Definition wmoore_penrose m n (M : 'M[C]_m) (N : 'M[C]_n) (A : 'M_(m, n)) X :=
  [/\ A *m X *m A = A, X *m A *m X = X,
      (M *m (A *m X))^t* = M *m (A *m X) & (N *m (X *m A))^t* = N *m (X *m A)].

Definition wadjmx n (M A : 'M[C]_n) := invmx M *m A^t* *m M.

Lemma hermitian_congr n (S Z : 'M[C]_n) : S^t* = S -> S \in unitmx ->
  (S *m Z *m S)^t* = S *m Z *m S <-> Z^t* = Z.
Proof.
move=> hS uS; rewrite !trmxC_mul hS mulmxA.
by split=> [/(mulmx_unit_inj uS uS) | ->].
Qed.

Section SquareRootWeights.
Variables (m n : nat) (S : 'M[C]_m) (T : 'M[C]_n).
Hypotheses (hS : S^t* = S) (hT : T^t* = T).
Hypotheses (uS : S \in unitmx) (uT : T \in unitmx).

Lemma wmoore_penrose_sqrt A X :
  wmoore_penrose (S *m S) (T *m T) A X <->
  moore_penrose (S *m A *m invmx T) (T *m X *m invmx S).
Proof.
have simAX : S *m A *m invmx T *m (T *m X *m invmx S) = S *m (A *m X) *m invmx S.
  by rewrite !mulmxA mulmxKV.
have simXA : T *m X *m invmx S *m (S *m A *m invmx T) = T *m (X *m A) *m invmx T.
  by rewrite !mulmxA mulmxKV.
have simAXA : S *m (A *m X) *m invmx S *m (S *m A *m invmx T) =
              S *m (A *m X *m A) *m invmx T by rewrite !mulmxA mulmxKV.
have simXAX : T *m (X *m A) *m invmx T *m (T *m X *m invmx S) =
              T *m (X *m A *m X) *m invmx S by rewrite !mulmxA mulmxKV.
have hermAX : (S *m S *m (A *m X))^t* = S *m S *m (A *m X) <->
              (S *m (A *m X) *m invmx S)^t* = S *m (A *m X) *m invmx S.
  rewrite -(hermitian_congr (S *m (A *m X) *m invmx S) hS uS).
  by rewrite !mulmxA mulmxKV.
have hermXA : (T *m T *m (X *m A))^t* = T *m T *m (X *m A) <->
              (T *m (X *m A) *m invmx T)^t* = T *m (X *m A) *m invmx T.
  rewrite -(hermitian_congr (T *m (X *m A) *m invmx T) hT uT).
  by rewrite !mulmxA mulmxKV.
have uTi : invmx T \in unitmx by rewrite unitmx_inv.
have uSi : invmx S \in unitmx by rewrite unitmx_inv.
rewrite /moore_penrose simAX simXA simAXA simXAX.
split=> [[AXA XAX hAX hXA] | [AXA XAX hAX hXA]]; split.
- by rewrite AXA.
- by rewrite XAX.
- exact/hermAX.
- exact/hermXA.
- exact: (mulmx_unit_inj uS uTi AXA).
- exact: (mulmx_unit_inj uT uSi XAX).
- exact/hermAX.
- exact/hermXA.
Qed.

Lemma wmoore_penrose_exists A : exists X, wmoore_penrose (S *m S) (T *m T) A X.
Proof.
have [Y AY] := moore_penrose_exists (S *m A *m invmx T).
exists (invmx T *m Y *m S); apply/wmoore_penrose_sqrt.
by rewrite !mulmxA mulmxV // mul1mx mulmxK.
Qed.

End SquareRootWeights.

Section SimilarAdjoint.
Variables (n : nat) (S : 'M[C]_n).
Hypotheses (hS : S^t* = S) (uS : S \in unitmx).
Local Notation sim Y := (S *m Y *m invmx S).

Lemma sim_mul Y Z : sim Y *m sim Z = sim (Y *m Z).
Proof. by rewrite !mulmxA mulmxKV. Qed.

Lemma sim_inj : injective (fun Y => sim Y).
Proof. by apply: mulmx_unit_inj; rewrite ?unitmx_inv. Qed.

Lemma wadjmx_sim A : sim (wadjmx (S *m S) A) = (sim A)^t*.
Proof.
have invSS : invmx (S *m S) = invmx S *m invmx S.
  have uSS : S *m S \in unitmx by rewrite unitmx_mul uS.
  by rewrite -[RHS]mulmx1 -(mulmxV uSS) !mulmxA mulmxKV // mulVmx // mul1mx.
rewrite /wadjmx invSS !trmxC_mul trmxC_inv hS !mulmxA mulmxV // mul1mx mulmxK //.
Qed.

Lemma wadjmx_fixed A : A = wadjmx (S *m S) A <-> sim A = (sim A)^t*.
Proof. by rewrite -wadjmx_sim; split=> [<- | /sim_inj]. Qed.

_Aim of the exercise_: Would you copy every line of the entries in which "apply" appears?

_Problem solution_:
exists (invmx T *m Y *m S); apply/wmoore_penrose_sqrt.
Proof. by apply: mulmx_unit_inj; rewrite ?unitmx_inv. Qed.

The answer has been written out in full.